Student Debt Shoots Through the Roof
By the end of the year, the total of student loan debt in the United States will reach $1,000,000,000,000 (a trillion dollars), according to Forbes magazine. Today, Finaid.org reports that students on average are borrowing twice as much as they did just ten years ago, which is probably in part due to the fact that the cost of tuition on average rises at a rate of eight percent a year and doubles every nine years.
Debt for college graduates is becoming a problem of increasing stature. Debt for higher education is now greater than the credit card debt of all Americans, and students on average have $24,000 in student loan debt alone, says the Project on Student Debt. But consider many students also have developed credit card debt as well.
After paying upwards of $25,000 for a bachelors degree, many students face a lagging job market and a burden of debt and are effectively forced to take jobs such as waiters or waitresses that pay under $4 an hour or other low paying jobs.

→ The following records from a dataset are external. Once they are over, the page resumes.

Lemma wronsk_N3_N4 : (N3 * N4^`() - N3^`() * N4) * (Xm1 * Xp1) = den a b * W34.
Proof.
rewrite /N3 /N4 /W34 /den !derivM !deriv_exp /Xm1 /Xp1 !derivXsubC !mul1r.
set U := 'X - 1%:P; set V := 'X - (-1)%:P.
have -> : (V ^+ b * Q3 * (U ^+ a.-1 *+ a * Q4 + U ^+ a * Q4^`()) -
   (V ^+ b.-1 *+ b * Q3 + V ^+ b * Q3^`()) * (U ^+ a * Q4)) * (U * V)
  = V ^+ b * Q3 * Q4 * V * (U ^+ a.-1 * U *+ a) + V ^+ b * Q3 * U ^+ a * Q4^`() * U * V
    - (V ^+ b.-1 * V *+ b) * Q3 * U ^+ a * Q4 * U - V ^+ b * Q3^`() * U ^+ a * Q4 * U * V
  by ring.
by rewrite !deriv_pow_mul -!mul_polyC; ring.
Qed.

Lemma W34_at_1 : W34.[1] != 0.
Proof.
have -> : W34.[1] = 2 * a%:R * Q3.[1].
  rewrite /W34 hornerD hornerN !hornerM hornerXm1 hornerXp1.
  rewrite subrr !mul0r add0r hornerD hornerN hornerZ hornerM hornerXm1 Q4_at_1.
  by rewrite subrr mulr0 add0r; ring.
by rewrite !mulf_neq0 ?Q3_at_1 // pnatr_eq0 -lt0n; lia.
Qed.

Lemma size_comb34 c1 c2 : c1 * lead_coef Q3 + c2 * lead_coef Q4 != 0 ->
  size (c1 *: N3 + c2 *: N4) = (a + b - k)%N.
Proof.
move=> lc0; apply/eqP; rewrite eqn_leq; apply/andP; split.
  rewrite (leq_trans (size_polyD _ _)) // geq_max.
  by rewrite !(leq_trans (size_scale_leq _ _)) ?size_N3 ?size_N4.
have top : (c1 *: N3 + c2 *: N4)`_(a + b - k).-1 != 0.
  by rewrite coefD !coefZ coef_N3_top coef_N4_top.
rewrite -(prednK (_ : 0 < a + b - k)%N); last by lia.
by rewrite ltnNge; apply: contra top => ?; rewrite nth_default.
Qed.

Section OnInterval.
Variables l r : R.
Hypothesis ltlr : l < r.
Hypothesis avoid_pm1 : forall x, inI l r x -> x != 1 /\ x != -1.
Local Notation E := (jacobi_eig a b (lam a b k) l r).
Local Notation g := (@ratf R a b).

Lemma wronsk_ratf_N4_N3 {x} : inI l r x -> wronsk a b (g N4) (g N3) x = W34.[x].
Proof.
move=> Ix; have [x1 x2] := avoid_pm1 x Ix.
rewrite (wronsk_ratf _ _ x1 x2) wronsk_N3_N4 hornerM mulrC mulKf //.
exact: horner_den_neq0.
Qed.

(* The Wronskian of g N4 and g N3 is the polynomial W34: constant on ]l,r[,
   yet nonzero at 1. *)
Lemma eigen_span34 {f} : E f -> exists c1 c2 : R, eqI l r f (fun x => c1 * g N3 x + c2 * g N4 x).
Proof.
move=> Ef; have Ix0 : inI l r ((l + r) / 2) by move: ltlr => ?; apply/andP; split; lra.
have E3 := jacobi_eig_ratf avoid_pm1 Lnum_N3; have E4 := jacobi_eig_ratf avoid_pm1 Lnum_N4.
apply: (eigen_span avoid_pm1 Ef E3 E4 Ix0); apply/negP => /eqP W0.
have : W34 = 0 :> {poly R}.
  apply: (poly_eq0_itv ltlr) => x Ix.
  by rewrite -(wronsk_ratf_N4_N3 Ix) (wronsk_cst avoid_pm1 E4 E3 Ix Ix0).
by move=> W34_0; move: W34_at_1; rewrite W34_0 horner0 eqxx.
Qed.

Lemma typed_L2 (c : R) : c != 0 -> typed_eigenfunction a b (lam a b k) l r
  (fun x => c * g N2 x) 2 k%:Z (k%:Z - a%:Z - b%:Z).
Proof.
move=> c0; have P1 : (c *: N2).[1] != 0 by rewrite hornerZ mulf_neq0 ?N2_at_1.
have Pm1 : (c *: N2).[-1] != 0 by rewrite hornerZ mulf_neq0 ?N2_at_m1.
have [Hm1 Hm2] := (regular_den_1 a b P1, regular_den_m1 a b Pm1).
apply: (typed_ratf avoid_pm1 (c *: N2) a b).
- by rewrite ratf_scale; apply/(jacobi_eig_ratf avoid_pm1)/Lnum_scale/Lnum_N2.
- exact: (ratf_ne0 (a := a) (b := b) ltlr avoid_pm1 c0) N2_neq0.
- by move=> x _; rewrite /ratf hornerZ mulrA.
- by split; [move/Hm1 | move/Hm2]; lia.
- by rewrite size_scale // size_N2; lia.
- by rewrite /=; lia.
Qed.

Lemma typed_L3 (c : R) : c != 0 -> typed_eigenfunction a b (lam a b k) l r
  (fun x => c * g N3 x) 3 (a%:Z - k%:Z - 1) (- k%:Z - 1).
Proof.
move=> c0; have P1 : (c *: Q3).[1] != 0 by rewrite hornerZ mulf_neq0 ?Q3_at_1.
have Pm1 : (c *: Q3).[-1] != 0 by rewrite hornerZ Q3_at_m1 mulr1.
have [H1 Hm1] := (regular_den_1 a 0 P1, regular_den_m1 a 0 Pm1).
apply: (typed_ratf avoid_pm1 (c *: Q3) a 0).
- by rewrite ratf_scale; apply/(jacobi_eig_ratf avoid_pm1)/Lnum_scale/Lnum_N3.
- exact: (ratf_ne0 (a := a) (b := b) ltlr avoid_pm1 c0) N3_neq0.
- move=> x Ix; have [x1 x2] := avoid_pm1 x Ix.
  move: (horner_den_neq0 a b x1 x2).
  rewrite /ratf /N3 /den hornerZ !hornerM expr0 -polyC1 hornerC mulr1.
  by rewrite mulf_eq0 negb_or => /andP[u0 v0]; field; rewrite u0 v0.
- by split; [move/H1 | apply/Hm1]; lia.
- by rewrite size_scale // size_Q3; lia.
- by rewrite /=; lia.
Qed.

An English major on the UC main campus says, "I've been working since high school, and I am still $35,000 in debt because of my loans. It's hard to even think about buying a house, getting married and starting a family right now." This is the case for many students. In fact, last year, 85 percent of college seniors planned to move back home after graduating, according to a poll conducted by Twentysomething Inc. last May.
Gradually, the price of education is becoming indentured servitude. What will the cost of a bachelor's degree be in ten years? Or a doctorate in twenty? The trend shows no sign of slowing. Fresh out of college, there is a black cloud already following and burdening the graduates and educated people.
As costs sky-rocket, many students' career decisions are influenced by how much money they will make to quickly repay their monstrous debts. It is a sick system we are building if our education system only produces middle managers, bond traders and lawyers, rather than teachers, artists, and scientists. However, the Institute of International Education has found today that more students are studying visual and performing arts than engineering. But the question remains, in the future, how many people will become teachers when it costs $100,000 for a teaching degree as their salaries continue to be cut? With an education system like this, we are not producing educated, well-rounded individuals, but cogs for a redundant machine fueled by debt to serve the status quo, where the few profit on the backs of the many.
The value of some majors such as Liberal Arts and Philosophy and more obscure programs such as Archeology or Marine Biology are being questioned at some schools. Some say they should be cut in order to save money, because evidently the only majors with value are those that make a lot of money, or have "real world application." It screams irony to see the value of a real education in the arts or in English belittled while the prices of those programs shoot through the roof.
President Obama has recently been talking about plans for student loan forgiveness, which would help many, but that isn't solving the source of the problem: the rising cost of tuition. Maybe too many people are profiting from the way things are for there to be a change, but something has to give.